Unnamed: 0,year,selling_price,km_driven,owner,fuel_Diesel,fuel_Electric,fuel_LPG,fuel_Petrol,seller_type_Individual,seller_type_Trustmark Dealer,...,brand_Mercedes-Benz,brand_Mitsubishi,brand_Nissan,brand_OpelCorsa,brand_Renault,brand_Skoda,brand_Tata,brand_Toyota,brand_Volkswagen,brand_Volvo
0,2007,60000,70000,1,0,0,0,1,1,0,...,0,0,0,0,0,0,0,0,0,0
1,2007,135000,50000,1,0,0,0,1,1,0,...,0,0,0,0,0,0,0,0,0,0
2,2012,600000,100000,1,1,0,0,0,1,0,...,0,0,0,0,0,0,0,0,0,0
3,2017,250000,46000,1,0,0,0,1,1,0,...,0,0,0,0,0,0,0,0,0,0
4,2014,450000,141000,2,1,0,0,0,1,0,...,0,0,0,0,0,0,0,0,0,0


# Split the dataset

In [131]:
from sklearn.model_selection import train_test_split

X = df.drop("selling_price", axis=1)
y = df["selling_price"]

X_train, X_test, y_train, y_test = train_test_split(X, y, test_size=0.2, random_state=42)

print("Training data shape:", X_train.shape)
print("Testing data shape:", X_test.shape)

Training data shape: (2861, 38)
Testing data shape: (716, 38)


# Linear Regression Model 

In [132]:
from sklearn.linear_model import LinearRegression
from sklearn.metrics import mean_absolute_error, r2_score

linear_model = LinearRegression()
linear_model.fit(X_train, y_train)

linear_y_pred = linear_model.predict(X_test)

linear_mae = mean_absolute_error(y_test, linear_y_pred)
linear_r2 = r2_score(y_test, linear_y_pred)
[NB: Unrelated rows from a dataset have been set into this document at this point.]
(* Let $f\in\mathbb{R}[X_1,\dots,X_n]$ be a non-constant polynomial of degree $2d$ with $f_{2d,i}>0$ for $i=1,\dots,n$. Then $f_{gp}=f_0-m^*$, where $m^*$ is the optimal value of the optimization problem $$\text{Minimize } \sum_{\alpha\in\Delta^{<2d}}(2d-|\alpha|)\left[\left(\frac{f_{\alpha}}{2d}\right)^{2d}\alpha^{\alpha}a_{\alpha}^{-\alpha}\right]^{\frac{1}{2d-|\alpha|}}$$ $$\text{subject to } \sum_{\alpha\in\Delta}\frac{a_{\alpha,i}}{f_{2d,i}}\le 1,\ i=1,\dots,n,\quad\text{and}\quad \frac{(2d)^{2d}a_{\alpha}^{\alpha}}{|f_{\alpha}|^{2d}\alpha^{\alpha}}=1,\ \alpha\in\Delta,\ |\alpha|=2d,$$ in the positive variables $a_{\alpha,i}$, $\alpha\in\Delta$, $i=1,\dots,n$, $\alpha_i\neq0$ (with $a_{\alpha,i}:=0$ when $\alpha_i=0$, and $a_\alpha=(a_{\alpha,1},\dots,a_{\alpha,n})$). Moreover this problem is a geometric program: the objective and the inequality-constraint functions are posynomials, and the equality-constraint functions are monomial functions, in these variables.
   Context: $\mathbb{N}=\{0,1,2,\dots\}$. For $\alpha\in\mathbb{N}^n$ write $\underline{X}^\alpha=X_1^{\alpha_1}\cdots X_n^{\alpha_n}$, $|\alpha|=\sum_i\alpha_i$, and for $a\in\mathbb{R}^n$, $a^{\alpha}=\prod_i a_i^{\alpha_i}$ with $0^0=1$ ($a_\alpha^{-\alpha}$ means $1/a_\alpha^\alpha$). For $f=\sum_\alpha f_\alpha\underline{X}^\alpha$ of degree $2d$: $f_0$ constant term, $f_{2d,i}$ coefficient of $X_i^{2d}$, $\Omega=\{\alpha: f_\alpha\ne0\}\setminus\{\underline{0},2d\epsilon_1,\dots,2d\epsilon_n\}$, $\Delta=\{\alpha\in\Omega:\ f_\alpha<0\text{ or }\alpha_i\text{ odd for some }i\}$, $\Delta^{<2d}=\{\alpha\in\Delta:|\alpha|<2d\}$. $f_{gp}$ is the supremum (with $\sup\emptyset=-\infty$) of all $r\in\mathbb{R}$ for which there exist reals $a_{\alpha,i}\ge0$ ($\alpha\in\Delta$, $i=1,\dots,n$), $a_{\alpha,i}=0$ iff $\alpha_i=0$, with (1) $(2d)^{2d}a_\alpha^\alpha=|f_\alpha|^{2d}\alpha^\alpha$ for $\alpha\in\Delta$, $|\alpha|=2d$; (2) $f_{2d,i}\ge\sum_{\alpha\in\Delta}a_{\alpha,i}$ for all $i$; (3) $f_0-r\ge\sum_{\alpha\in\Delta^{<2d}}(2d-|\alpha|)\big[\frac{|f_\alpha|^{2d}\alpha^\alpha}{(2d)^{2d}a_\alpha^\alpha}\big]^{1/(2d-|\alpha|)}$. The optimal value $m^*$ is the infimum of the objective over the feasible set ($+\infty$ if the feasible set is empty). A monomial function on $\mathbb{R}_{>0}^N$ is $c x_1^{b_1}\cdots x_N^{b_N}$ with $c>0$, $b_j\in\mathbb{R}$; a posynomial is a finite sum of monomial functions. *)

From HB Require Import structures.
From mathcomp Require Import all_boot all_order all_algebra.
From mathcomp Require Import boolp classical_sets reals constructive_ereal ereal exp.
From mathcomp Require mpoly.

Canonical mpoly.mpoly_multinom__canonical__eqtype_SubType.
Canonical mpoly.mpoly_multinom__canonical__eqtype_Equality.
Canonical mpoly.mpoly_multinom__canonical__eqtype_SubEquality.
Canonical mpoly.mpoly_multinom__canonical__choice_Choice.
Canonical mpoly.mpoly_multinom__canonical__choice_SubChoice.
Canonical mpoly.mpoly_multinom__canonical__choice_Countable.
Canonical mpoly.mpoly_multinom__canonical__choice_SubCountable.
Coercion mpoly.fun_of_multinom : mpoly.multinom >-> Funclass.

Set Implicit Arguments.
Unset Strict Implicit.
Unset Printing Implicit Defensive.

Import Order.TTheory GRing.Theory Num.Theory.
Local Open Scope ring_scope.

Section GP.
Variables (R : realType) (n : nat).

Notation mnm := (mpoly.multinom n).
Notation poly := (mpoly.mpoly n R).

Definition absm (a : mnm) : nat := mpoly.mdeg a.

(* total degree of f (this is (msize f).-1 ; 0 for f = 0) *)
Definition tdeg (f : poly) : nat := (\max_(m <- mpoly.msupp f) mpoly.mdeg m)%N.

Definition mnm_pure (k : nat) (i : 'I_n) : mnm :=
  mpoly.Multinom [tuple (if j == i then k else 0%N) | j < n].

Definition f0 (f : poly) : R := mpoly.mcoeff (@mpoly.mnm0 n) f.

Definition ftop (f : poly) (d : nat) (i : 'I_n) : R :=
  mpoly.mcoeff (mnm_pure (2 * d) i) f.

Definition Omega (f : poly) (d : nat) : seq mnm :=
  [seq a : mnm <- mpoly.msupp f | (a != @mpoly.mnm0 n) &&
                            [forall i : 'I_n, a != mnm_pure (2 * d) i]].

Definition Delta (f : poly) (d : nat) : seq mnm :=
  [seq a : mnm <- Omega f d | (mpoly.mcoeff a f < 0) || [exists i : 'I_n, odd (a i)]].

Definition Delta_lt (f : poly) (d : nat) : seq mnm :=
  [seq a : mnm <- Delta f d | (absm a < 2 * d)%N].

(* a_alpha^alpha = prod_i a_{alpha,i}^{alpha_i}  (0^0 = 1) *)
Definition powa (a : mnm -> 'I_n -> R) (al : mnm) : R :=
  \prod_(i < n) (a al i) ^+ (al i).

Definition powself (al : mnm) : R :=
  \prod_(i < n) ((al i)%:R : R) ^+ (al i).

Definition gp_bracket (f : poly) (d : nat) (a : mnm -> 'I_n -> R) (al : mnm) : R :=
  `|mpoly.mcoeff al f| ^+ (2 * d) * powself al /
    (((2 * d)%:R : R) ^+ (2 * d) * powa a al).

Definition gp_sum (f : poly) (d : nat) (a : mnm -> 'I_n -> R) : R :=
  \sum_(al <- Delta_lt f d)
    ((2 * d - absm al)%:R * powR (gp_bracket f d a al) ((2 * d - absm al)%:R)^-1).

(* f_gp : supremum (in \bar R, sup of empty set = -oo) *)
Definition fgp_admissible (f : poly) (d : nat) (r : R) : Prop :=
  exists a : mnm -> 'I_n -> R,
    [/\ (forall al i, al \in Delta f d -> 0 <= a al i),
        (forall al i, al \in Delta f d -> (a al i = 0 <-> al i = 0%N)),
        (forall al, al \in Delta f d -> absm al = (2 * d)%N ->
            ((2 * d)%:R : R) ^+ (2 * d) * powa a al =
            `|mpoly.mcoeff al f| ^+ (2 * d) * powself al),
        (forall i, \sum_(al <- Delta f d) a al i <= ftop f d i) &
        f0 f - r >= gp_sum f d a].

Definition fgp (f : poly) (d : nat) : \bar R :=
  ereal_sup [set (r%:E)%E | r in fgp_admissible f d].

(* ---- the geometric program of Corollary 3.6 ----
   Variables a_{alpha,i}, alpha in Delta, alpha_i <> 0, represented by a
   function a : mnm -> 'I_n -> R (other entries irrelevant); the convention
   a_{alpha,i} := 0 when alpha_i = 0 is implemented by zext. *)
Definition zext (a : mnm -> 'I_n -> R) : mnm -> 'I_n -> R :=
  fun al i => if al i == 0%N then 0 else a al i.

Definition gp_pos (f : poly) (d : nat) (a : mnm -> 'I_n -> R) : Prop :=
  forall al i, al \in Delta f d -> al i != 0%N -> 0 < a al i.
print("Linear Regression\n")
print(f"MAE: {linear_mae:,.4f}\n")
print(f"R2 Score: {linear_r2:.4f}")

Linear Regression

MAE: 180,314.2719

R2 Score: 0.5373


# Decision Tree Regressor Model

In [133]:
from sklearn.tree import DecisionTreeRegressor

tree_model = DecisionTreeRegressor(random_state=42)
tree_model.fit(X_train, y_train)

tree_y_pred = tree_model.predict(X_test)

tree_mae = mean_absolute_error(y_test, tree_y_pred)
tree_r2 = r2_score(y_test, tree_y_pred)

print("DecisionTreeRegressor\n")
print(f"MAE: {tree_mae:,.4f}\n")
print(f"R2 Score: {tree_r2:.4f}")

DecisionTreeRegressor

MAE: 203,422.6013

R2 Score: 0.2580


# Random Forest Regressor Model

In [134]:
from sklearn.ensemble import RandomForestRegressor

forest_model = RandomForestRegressor(random_state=42)
forest_model.fit(X_train, y_train)

forest_y_pred = forest_model.predict(X_test)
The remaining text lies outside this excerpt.